◆ **WORK TO COMPLETE**
The answer is the set of lines that include "Unset", copied from the data below.

SUPPLIED RECORDS Block Start

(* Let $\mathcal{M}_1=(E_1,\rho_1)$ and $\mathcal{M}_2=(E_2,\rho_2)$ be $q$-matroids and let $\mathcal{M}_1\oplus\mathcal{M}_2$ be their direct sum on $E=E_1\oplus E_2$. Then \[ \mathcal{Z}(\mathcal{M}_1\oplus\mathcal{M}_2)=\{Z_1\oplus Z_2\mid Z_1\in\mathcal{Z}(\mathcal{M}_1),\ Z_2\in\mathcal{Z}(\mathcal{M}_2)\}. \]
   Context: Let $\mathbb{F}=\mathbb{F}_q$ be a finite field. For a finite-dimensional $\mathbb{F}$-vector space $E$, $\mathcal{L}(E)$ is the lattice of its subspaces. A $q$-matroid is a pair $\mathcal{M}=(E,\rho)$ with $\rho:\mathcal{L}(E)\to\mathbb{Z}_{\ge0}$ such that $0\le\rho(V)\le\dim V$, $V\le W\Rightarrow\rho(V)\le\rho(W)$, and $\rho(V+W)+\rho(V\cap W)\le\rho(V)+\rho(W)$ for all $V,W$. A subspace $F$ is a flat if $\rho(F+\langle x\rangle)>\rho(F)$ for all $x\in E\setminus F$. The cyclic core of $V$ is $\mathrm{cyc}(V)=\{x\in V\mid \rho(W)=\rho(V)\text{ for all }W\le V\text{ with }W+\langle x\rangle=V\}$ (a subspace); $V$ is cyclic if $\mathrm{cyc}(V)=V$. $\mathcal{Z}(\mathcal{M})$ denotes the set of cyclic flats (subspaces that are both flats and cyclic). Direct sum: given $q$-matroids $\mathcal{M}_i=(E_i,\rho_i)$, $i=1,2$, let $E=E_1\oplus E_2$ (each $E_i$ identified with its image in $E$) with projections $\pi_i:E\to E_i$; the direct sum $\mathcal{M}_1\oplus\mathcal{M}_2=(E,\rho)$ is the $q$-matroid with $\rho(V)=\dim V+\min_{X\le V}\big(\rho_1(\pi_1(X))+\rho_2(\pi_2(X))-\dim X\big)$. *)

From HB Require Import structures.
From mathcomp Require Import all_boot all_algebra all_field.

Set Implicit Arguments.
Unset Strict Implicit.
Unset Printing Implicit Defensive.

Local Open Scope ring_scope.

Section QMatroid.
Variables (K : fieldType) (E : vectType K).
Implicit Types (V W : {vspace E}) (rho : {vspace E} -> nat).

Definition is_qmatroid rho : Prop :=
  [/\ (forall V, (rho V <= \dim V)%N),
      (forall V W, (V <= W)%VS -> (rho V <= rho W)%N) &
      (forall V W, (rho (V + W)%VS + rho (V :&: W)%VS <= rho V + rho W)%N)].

SUPPLIED RECORDS Block End
SUPPLIED RECORDS Block Start

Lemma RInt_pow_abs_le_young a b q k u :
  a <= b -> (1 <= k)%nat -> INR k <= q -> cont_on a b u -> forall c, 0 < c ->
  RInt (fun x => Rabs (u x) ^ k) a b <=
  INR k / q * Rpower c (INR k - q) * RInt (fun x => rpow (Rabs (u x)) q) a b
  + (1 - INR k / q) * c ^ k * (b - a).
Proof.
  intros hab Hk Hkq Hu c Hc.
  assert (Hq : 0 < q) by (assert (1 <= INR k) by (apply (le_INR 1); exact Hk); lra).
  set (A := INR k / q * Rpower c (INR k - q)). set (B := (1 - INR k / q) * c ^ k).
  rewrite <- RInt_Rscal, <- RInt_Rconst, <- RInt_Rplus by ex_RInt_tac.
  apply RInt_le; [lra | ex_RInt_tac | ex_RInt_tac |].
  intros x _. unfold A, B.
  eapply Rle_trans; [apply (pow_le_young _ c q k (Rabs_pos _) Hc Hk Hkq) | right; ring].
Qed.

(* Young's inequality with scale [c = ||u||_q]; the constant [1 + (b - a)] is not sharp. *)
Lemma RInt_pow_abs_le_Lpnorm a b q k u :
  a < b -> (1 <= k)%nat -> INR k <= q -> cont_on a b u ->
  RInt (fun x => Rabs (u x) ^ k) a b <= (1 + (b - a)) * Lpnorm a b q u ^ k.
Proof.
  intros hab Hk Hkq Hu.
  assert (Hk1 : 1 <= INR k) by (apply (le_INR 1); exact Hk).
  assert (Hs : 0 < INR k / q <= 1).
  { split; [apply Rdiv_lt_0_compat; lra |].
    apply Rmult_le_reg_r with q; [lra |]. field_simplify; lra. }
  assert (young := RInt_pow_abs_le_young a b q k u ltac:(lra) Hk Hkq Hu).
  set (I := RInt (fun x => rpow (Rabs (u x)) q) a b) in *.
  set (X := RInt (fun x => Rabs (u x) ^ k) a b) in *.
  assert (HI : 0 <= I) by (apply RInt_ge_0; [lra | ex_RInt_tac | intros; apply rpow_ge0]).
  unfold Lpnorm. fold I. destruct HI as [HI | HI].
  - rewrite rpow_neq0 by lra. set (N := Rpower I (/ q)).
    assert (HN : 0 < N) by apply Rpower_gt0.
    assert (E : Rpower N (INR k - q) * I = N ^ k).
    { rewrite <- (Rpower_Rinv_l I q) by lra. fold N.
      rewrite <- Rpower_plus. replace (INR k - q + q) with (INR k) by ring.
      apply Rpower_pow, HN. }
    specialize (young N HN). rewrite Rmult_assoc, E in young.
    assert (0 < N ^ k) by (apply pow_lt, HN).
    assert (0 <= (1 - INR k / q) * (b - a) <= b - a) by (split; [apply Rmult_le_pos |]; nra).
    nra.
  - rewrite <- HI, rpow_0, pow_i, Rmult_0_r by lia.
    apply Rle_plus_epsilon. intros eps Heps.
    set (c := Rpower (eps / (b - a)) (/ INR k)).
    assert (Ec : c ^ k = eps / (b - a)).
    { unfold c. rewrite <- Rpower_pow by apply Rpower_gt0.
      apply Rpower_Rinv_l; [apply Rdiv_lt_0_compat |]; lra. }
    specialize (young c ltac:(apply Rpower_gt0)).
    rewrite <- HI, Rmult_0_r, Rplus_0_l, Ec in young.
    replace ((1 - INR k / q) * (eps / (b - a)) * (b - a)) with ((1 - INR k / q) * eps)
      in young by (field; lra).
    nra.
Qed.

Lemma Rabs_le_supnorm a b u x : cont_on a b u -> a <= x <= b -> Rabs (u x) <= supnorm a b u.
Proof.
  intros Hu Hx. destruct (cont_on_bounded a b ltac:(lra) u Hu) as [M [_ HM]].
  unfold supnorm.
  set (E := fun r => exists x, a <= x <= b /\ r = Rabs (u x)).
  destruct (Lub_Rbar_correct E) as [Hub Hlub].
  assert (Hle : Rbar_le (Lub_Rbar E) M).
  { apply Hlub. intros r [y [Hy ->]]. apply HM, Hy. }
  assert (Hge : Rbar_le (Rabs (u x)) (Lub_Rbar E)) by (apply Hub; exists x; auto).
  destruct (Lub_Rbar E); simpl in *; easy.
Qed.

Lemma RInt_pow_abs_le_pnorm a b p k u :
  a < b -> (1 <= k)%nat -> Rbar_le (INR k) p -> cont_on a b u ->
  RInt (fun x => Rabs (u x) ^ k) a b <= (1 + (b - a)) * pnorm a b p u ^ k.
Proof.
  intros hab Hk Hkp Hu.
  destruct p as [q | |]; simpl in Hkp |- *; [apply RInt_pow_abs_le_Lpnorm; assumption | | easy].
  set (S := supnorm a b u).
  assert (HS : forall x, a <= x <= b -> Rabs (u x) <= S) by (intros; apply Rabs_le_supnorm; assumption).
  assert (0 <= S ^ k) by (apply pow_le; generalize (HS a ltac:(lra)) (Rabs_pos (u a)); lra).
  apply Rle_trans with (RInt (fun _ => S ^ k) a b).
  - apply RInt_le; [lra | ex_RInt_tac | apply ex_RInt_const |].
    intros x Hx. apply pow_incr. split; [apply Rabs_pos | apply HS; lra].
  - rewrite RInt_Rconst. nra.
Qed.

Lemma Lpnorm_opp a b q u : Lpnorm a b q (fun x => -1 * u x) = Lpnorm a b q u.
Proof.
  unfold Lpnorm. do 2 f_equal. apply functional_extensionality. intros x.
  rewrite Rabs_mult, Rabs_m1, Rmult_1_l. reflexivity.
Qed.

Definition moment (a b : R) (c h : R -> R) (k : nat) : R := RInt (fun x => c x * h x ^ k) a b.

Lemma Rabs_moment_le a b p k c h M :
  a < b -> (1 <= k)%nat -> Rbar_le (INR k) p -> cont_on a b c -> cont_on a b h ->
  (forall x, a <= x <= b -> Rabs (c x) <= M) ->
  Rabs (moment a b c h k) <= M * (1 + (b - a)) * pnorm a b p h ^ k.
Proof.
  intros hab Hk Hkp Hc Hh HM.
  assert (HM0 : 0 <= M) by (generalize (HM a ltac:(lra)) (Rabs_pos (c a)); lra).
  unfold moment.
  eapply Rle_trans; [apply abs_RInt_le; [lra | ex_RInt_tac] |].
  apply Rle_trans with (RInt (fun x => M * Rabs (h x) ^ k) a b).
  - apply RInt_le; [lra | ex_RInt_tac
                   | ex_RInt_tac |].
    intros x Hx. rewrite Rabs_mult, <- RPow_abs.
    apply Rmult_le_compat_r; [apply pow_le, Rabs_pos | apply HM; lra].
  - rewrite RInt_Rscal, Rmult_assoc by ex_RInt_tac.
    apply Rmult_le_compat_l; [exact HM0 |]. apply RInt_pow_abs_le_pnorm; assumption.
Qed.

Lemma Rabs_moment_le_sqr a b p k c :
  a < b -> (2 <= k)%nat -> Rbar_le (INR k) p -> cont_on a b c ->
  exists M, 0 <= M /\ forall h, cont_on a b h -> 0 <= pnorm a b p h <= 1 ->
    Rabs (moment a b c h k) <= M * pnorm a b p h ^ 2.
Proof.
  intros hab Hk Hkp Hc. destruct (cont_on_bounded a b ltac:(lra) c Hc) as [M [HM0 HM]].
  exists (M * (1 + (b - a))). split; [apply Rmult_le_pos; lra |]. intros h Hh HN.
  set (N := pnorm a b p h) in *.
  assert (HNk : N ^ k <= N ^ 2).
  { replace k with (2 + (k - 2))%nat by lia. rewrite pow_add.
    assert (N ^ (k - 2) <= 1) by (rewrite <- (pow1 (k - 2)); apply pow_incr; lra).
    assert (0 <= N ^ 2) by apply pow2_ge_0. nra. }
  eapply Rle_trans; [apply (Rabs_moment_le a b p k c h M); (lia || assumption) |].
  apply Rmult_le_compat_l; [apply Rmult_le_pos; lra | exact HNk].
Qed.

SUPPLIED RECORDS Block End
SUPPLIED RECORDS Block Start

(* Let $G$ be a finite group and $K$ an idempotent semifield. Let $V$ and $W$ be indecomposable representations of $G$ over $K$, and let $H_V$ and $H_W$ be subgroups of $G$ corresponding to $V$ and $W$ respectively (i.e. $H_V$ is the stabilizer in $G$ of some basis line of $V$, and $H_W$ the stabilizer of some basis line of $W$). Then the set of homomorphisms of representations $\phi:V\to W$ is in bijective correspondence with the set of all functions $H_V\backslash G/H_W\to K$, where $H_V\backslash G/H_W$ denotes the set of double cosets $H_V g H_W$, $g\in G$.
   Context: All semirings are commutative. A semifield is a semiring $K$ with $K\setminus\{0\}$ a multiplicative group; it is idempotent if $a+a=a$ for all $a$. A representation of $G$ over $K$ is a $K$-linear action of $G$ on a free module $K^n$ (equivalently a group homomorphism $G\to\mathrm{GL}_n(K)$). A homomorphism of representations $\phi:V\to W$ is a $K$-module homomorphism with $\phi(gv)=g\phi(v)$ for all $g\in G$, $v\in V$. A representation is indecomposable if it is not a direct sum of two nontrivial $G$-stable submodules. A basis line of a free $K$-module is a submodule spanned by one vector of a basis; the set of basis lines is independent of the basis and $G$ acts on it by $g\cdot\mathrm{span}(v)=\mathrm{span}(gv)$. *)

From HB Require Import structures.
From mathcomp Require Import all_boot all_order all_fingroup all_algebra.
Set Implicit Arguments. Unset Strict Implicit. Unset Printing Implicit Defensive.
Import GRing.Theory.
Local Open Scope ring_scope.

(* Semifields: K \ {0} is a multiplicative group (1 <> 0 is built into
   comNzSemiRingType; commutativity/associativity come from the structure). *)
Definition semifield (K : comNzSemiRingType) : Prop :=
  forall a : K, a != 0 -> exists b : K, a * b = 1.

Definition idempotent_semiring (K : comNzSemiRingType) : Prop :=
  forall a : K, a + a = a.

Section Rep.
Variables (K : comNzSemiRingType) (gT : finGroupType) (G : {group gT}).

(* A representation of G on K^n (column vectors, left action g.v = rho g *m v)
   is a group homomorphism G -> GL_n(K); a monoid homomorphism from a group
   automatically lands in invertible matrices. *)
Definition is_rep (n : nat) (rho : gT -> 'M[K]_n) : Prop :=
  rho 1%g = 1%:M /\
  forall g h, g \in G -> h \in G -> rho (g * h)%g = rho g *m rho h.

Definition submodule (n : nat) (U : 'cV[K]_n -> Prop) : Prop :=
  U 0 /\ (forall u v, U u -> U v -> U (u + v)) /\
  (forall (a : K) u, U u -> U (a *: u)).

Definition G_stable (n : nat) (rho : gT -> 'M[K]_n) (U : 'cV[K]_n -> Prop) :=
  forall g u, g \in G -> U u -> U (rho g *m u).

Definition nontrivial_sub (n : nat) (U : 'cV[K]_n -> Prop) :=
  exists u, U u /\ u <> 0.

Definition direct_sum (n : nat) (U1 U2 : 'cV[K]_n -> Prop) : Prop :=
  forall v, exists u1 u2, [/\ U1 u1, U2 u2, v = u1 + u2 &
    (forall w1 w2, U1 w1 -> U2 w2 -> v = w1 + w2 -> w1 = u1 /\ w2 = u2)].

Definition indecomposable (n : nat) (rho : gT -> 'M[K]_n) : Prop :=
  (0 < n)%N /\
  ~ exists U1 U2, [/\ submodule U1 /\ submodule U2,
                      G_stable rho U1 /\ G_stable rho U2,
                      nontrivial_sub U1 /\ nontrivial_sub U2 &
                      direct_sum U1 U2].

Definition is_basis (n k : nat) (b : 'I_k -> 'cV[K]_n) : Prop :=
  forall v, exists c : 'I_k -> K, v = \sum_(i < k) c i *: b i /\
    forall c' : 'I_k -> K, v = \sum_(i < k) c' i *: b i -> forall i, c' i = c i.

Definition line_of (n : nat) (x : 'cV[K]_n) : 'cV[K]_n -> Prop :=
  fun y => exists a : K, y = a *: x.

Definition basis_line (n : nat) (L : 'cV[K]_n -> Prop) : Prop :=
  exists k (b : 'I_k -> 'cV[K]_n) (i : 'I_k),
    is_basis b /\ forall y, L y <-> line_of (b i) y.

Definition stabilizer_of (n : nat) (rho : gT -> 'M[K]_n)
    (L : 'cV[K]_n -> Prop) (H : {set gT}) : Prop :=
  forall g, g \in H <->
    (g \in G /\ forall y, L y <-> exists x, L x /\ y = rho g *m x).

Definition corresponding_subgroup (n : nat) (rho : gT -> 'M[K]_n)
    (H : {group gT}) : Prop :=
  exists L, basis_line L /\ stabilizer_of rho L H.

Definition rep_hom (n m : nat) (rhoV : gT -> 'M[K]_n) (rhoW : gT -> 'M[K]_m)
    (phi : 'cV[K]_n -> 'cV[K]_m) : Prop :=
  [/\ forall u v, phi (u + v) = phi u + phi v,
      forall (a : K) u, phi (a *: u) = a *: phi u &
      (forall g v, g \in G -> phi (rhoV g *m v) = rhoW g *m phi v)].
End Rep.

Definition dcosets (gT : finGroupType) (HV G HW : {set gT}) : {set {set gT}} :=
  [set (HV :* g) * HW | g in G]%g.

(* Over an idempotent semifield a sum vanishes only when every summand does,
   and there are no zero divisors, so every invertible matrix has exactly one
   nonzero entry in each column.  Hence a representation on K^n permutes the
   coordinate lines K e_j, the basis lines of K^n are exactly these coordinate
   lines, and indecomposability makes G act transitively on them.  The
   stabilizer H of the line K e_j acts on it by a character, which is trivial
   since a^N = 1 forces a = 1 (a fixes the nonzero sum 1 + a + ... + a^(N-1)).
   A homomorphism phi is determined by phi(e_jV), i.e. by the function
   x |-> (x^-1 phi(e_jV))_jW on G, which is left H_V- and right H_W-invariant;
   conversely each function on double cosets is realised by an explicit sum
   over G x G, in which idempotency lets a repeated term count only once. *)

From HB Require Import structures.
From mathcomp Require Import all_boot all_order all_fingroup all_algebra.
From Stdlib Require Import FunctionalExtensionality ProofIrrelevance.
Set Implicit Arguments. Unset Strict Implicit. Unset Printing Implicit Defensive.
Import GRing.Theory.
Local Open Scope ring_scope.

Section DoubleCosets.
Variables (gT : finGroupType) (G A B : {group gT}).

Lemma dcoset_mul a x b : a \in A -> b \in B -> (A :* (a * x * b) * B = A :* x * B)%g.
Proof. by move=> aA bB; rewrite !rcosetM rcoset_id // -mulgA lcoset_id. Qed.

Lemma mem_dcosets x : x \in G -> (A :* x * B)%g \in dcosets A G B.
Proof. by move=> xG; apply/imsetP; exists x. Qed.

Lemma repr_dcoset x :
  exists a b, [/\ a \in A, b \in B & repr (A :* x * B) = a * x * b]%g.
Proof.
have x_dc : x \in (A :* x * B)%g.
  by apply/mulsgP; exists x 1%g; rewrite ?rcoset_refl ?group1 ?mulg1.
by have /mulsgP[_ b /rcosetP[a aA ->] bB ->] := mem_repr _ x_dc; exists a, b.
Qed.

SUPPLIED RECORDS Block End

◆ **YOUR SOLUTION**
Unset Strict Implicit.
Unset Printing Implicit Defensive.
Set Implicit Arguments. Unset Strict Implicit. Unset Printing Implicit Defensive.
Set Implicit Arguments. Unset Strict Implicit. Unset Printing Implicit Defensive.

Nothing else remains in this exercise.